24. A method according to any of claims 1-23, wherein the substrate is a silicon surface and the metal is silver.

25. A method according to claim 24, wherein no intermediate layer is present between the silicon surface and the silver.

26. An autocatalytic electroless silver plating bath comprising: i. an aqueous solution of a silver salt; and ii. a substituted alkylene oxide compound iii. boric acid.

27. An autocatalytic electroless silver plating bath according to claim 26, wherein a metal is present in a concentration of between 0.5-5 g/l, preferably 0.3-3g/l, more preferably 0.4-2g/l.

28. An autocatalytic electroless plating bath according to any of claims 26-27, wherein the substituted alkylene oxide compound is nonylphenol oxylate.

29. An autocatalytic electroless plating bath according to any of claims 26-28, wherein the substituted alkylene oxide compound is present in a concentration ranging from 0.01 g/l to 10g/l inclusive, preferably from 0.1 g/l to 1g/l inclusive, more preferably from 0.1 g/l to 0.3g/l inclusive.

30. An autocatalytic electroless plating bath according to any of claims 26-29, additionally comprising polyethylene glycol with a molecular weight from 100- 4000 in which part of the polymer is soluble in the aqueous solution.
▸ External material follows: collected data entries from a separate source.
(* Let $q$ be a prime power, $e\ge2$ and $k\ge2$ integers, and $n=3^ek$. For $i=1,\dots,e$ put $K_i=3^{i-1}k$, fix a primitive element $\omega_i$ of $\mathbb{F}_{q^{K_i}}$ and $\gamma_i\in\mathbb{F}_{q^{3K_i}}$ with $\mathbb{F}_{q^{K_i}}(\gamma_i)=\mathbb{F}_{q^{3K_i}}$, and for $a\in\mathbb{F}_{q^{K_i}}$, $j\in\{0,\dots,q-2\}$ define $\Phi_{i,a,j}:\mathbb{F}_{q^{K_i}}\to\mathbb{F}_{q^{3K_i}}$, $\Phi_{i,a,j}(u)=u+\omega_i^j(u^q+au)\gamma_i$. Let $\mathcal{D}_1=\bigcup_{a,j}\mathrm{Orb}_{\mathbb{F}_{q^{3k}}^*}(\Phi_{1,a,j}(\mathbb{F}_{q^k}))\subseteq\mathcal{G}_q(3k,k)$ and, for $i=2,\dots,e$, $\mathcal{D}_i=\{\beta\,\Phi_{i,a,j}(U):\beta\in\mathbb{F}_{q^{3K_i}}^*,\ a\in\mathbb{F}_{q^{K_i}},\ 0\le j\le q-2,\ U\in\mathcal{D}_{i-1}\}\subseteq\mathcal{G}_q(3^ik,k)$, and let ${}_{3^e}\mathcal{C}_k=\mathcal{D}_e$ (a cyclic subspace code in $\mathcal{G}_q(n,k)$ with minimum distance $2k-2$). Then $$\lim_{k\to\infty}\frac{|{}_{3^e}\mathcal{C}_k|}{J_q(3^ek,2k-2,k)}=1\quad(q\text{ fixed}),\qquad\lim_{q\to\infty}\frac{|{}_{3^e}\mathcal{C}_k|}{J_q(3^ek,2k-2,k)}=1\quad(k\text{ fixed}),$$ i.e. the family is asymptotically optimal in $k$ and in $q$.
   Context: $\mathcal{G}_q(N,k)$ is the set of $k$-dimensional $\mathbb{F}_q$-subspaces of $\mathbb{F}_{q^N}$; $\mathrm{Orb}_{\mathbb{F}_{q^N}^*}(V)=\{\beta V:\beta\in\mathbb{F}_{q^N}^*\}$. The Johnson type bound II quantity for minimum distance $2k-2$ is $J_q(n,2k-2,k)=\left\lfloor\frac{q^n-1}{q^k-1}\left\lfloor\frac{q^{n-1}-1}{q^{k-1}-1}\right\rfloor\right\rfloor$, an upper bound on the size of any subspace code in $\mathcal{G}_q(n,k)$ with minimum subspace distance $2k-2$ (subspace distance $d(U,V)=\dim(U+V)-\dim(U\cap V)$). $|\cdot|$ denotes cardinality of a code as a set of subspaces. *)

From HB Require Import structures.
From mathcomp Require Import all_boot all_order all_algebra.
Set Implicit Arguments. Unset Strict Implicit. Unset Printing Implicit Defensive.
Import Order.TTheory GRing.Theory Num.Theory.
Local Open Scope ring_scope.

Definition prime_power (q : nat) : Prop :=
  exists p r : nat, prime p /\ (0 < r)%N /\ q = (p ^ r)%N.

(* Johnson type bound II for distance 2k-2:
   floor( (q^n-1)/(q^k-1) * floor((q^(n-1)-1)/(q^(k-1)-1)) ).
   Since the inner floor is an integer m, floor(a/b * m) = (a*m) div b. *)
Definition Jq (q n k : nat) : nat :=
  (((q ^ n - 1) * ((q ^ (n - 1) - 1) %/ (q ^ (k - 1) - 1))) %/ (q ^ k - 1))%N.

Section Construction.
Variable L : finFieldType.

(* The subfield F_{q^m} of L, as the set of roots of X^{q^m} - X. *)
Definition Fq (q m : nat) : {set L} := [set x : L | x ^+ (q ^ m)%N == x].

Definition primitive_in (q m : nat) (w : L) : Prop :=
  w \in Fq q m /\ (forall x, x \in Fq q m -> x != 0 -> exists t : nat, x = w ^+ t).

Definition is_subfield (F : {set L}) : bool :=
  [&& 0 \in F, 1 \in F,
      [forall x in F, forall y in F, (x - y \in F) && (x * y \in F)]
    & [forall x in F, x^-1 \in F]].

Definition gen_field (S : {set L}) : {set L} :=
  \bigcap_(F : {set L} | is_subfield F && (S \subset F)) F.

Definition Kdim (k i : nat) : nat := (3 ^ (i - 1) * k)%N.

Definition Phi (q : nat) (om gam : nat -> L) (i : nat) (a : L) (j : nat) (u : L) : L :=
  u + om i ^+ j * (u ^+ q + a * u) * gam i.

Definition orb (q N : nat) (V : {set L}) : {set {set L}} :=
  [set [set b * v | v in V] | b in Fq q N :\ 0].

Definition D1 (q : nat) (om gam : nat -> L) (k : nat) : {set {set L}} :=
  \bigcup_(a in Fq q k) \bigcup_(j < q.-1)
     orb q (3 * k) [set Phi q om gam 1 a j u | u in Fq q k].

Definition Dstep (q : nat) (om gam : nat -> L) (k i : nat) (D : {set {set L}})
  : {set {set L}} :=
  \bigcup_(a in Fq q (Kdim k i)) \bigcup_(j < q.-1) \bigcup_(U in D)
     [set [set b * Phi q om gam i a j u | u in U] | b in Fq q (3 * Kdim k i) :\ 0].

(* D_i for i >= 1 (D_0 is an unused dummy) *)
Fixpoint Dcode (q : nat) (om gam : nat -> L) (k i : nat) : {set {set L}} :=
  match i with
  | 0 => set0
  | 1 => D1 q om gam k
  | i'.+1 => Dstep q om gam k i (Dcode q om gam k i')
  end.

Definition valid_choice (q e k : nat) (om gam : nat -> L) : Prop :=
  forall i, (1 <= i <= e)%N ->
    [/\ primitive_in q (Kdim k i) (om i),
        gam i \in Fq q (3 * Kdim k i)
      & gen_field (Fq q (Kdim k i) :|: [set gam i]) = Fq q (3 * Kdim k i)].

End Construction.

Definition code_ratio (L : finFieldType) (q e k : nat) (om gam : nat -> L) : rat :=
  (#|Dcode q om gam k e|)%:R / (Jq q (3 ^ e * k) k)%:R.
31. An autocatalytic electroless plating bath according to any of claims 26-30, wherein the polyethylene glycol is present in a concentration of up to 0.2g/l.

32. An autocatalytic electroless plating bath according to any of claims 26-31 , additionally comprising a base.

33. An autocatalytic electroless plating bath according to any of claims 26-31 , wherein the base is selected from the group comprising: hydroxides of group I and Il metals, and organic bases.

34. An autocatalytic electroless plating bath according to any of claims 26-33, additionally comprising a reducing agent.

35. An autocatalytic electroless plating bath according to claim 34, wherein the reducing agent is selected from the group comprising: hydrides and metal hydride salts of boron and aluminium, glucamines, dextrose, glyoxal, Rochelle salts, mixtures of Rochelle salts and crystallized sugar, inverted sugar, cobalt ion, hydrides, metal hydride salts, hydrazine, hydrazine sulfate, dimethylamine borane, diethylamide borane, triethylamine borane, formaldehyde, hypophosphite, gluconates, polyhydric alcohols, aldonic acid, aldonic lactone and sulfides.

36. An autocatalytic electroless plating bath according to any of claims 26-36, additionally comprising a complexing agent.

37. An autocatalytic electroless plating bath according to claim 36, wherein the complexing agent is selected from the group comprising EDTA, Rochelle's salt, citric acid, sodium citrate, succinic acid, proprionic acid, glycolic acid, sodium acetate, lactic acid, sodium pyrophophate, pyridium-3-sulfonic acid, potassium tartrate, Quadrol, sodium phosphate, potassium citrate, sodium borate sodium cyanide, potassium cyanide, triethylenetetraamine and methylamine.

38. A method for autocatalytic plating of silver metal directly onto a silicon surface without the need for an intervening layer of metal, the method comprising:

i. etching of the silicon surface. ii. immersion of the silicon surface into the bath of claim 26; iii. allowing the silicon surface to be coated with silver metal; and iiii. removing the silver-coated silicon surface from the bath.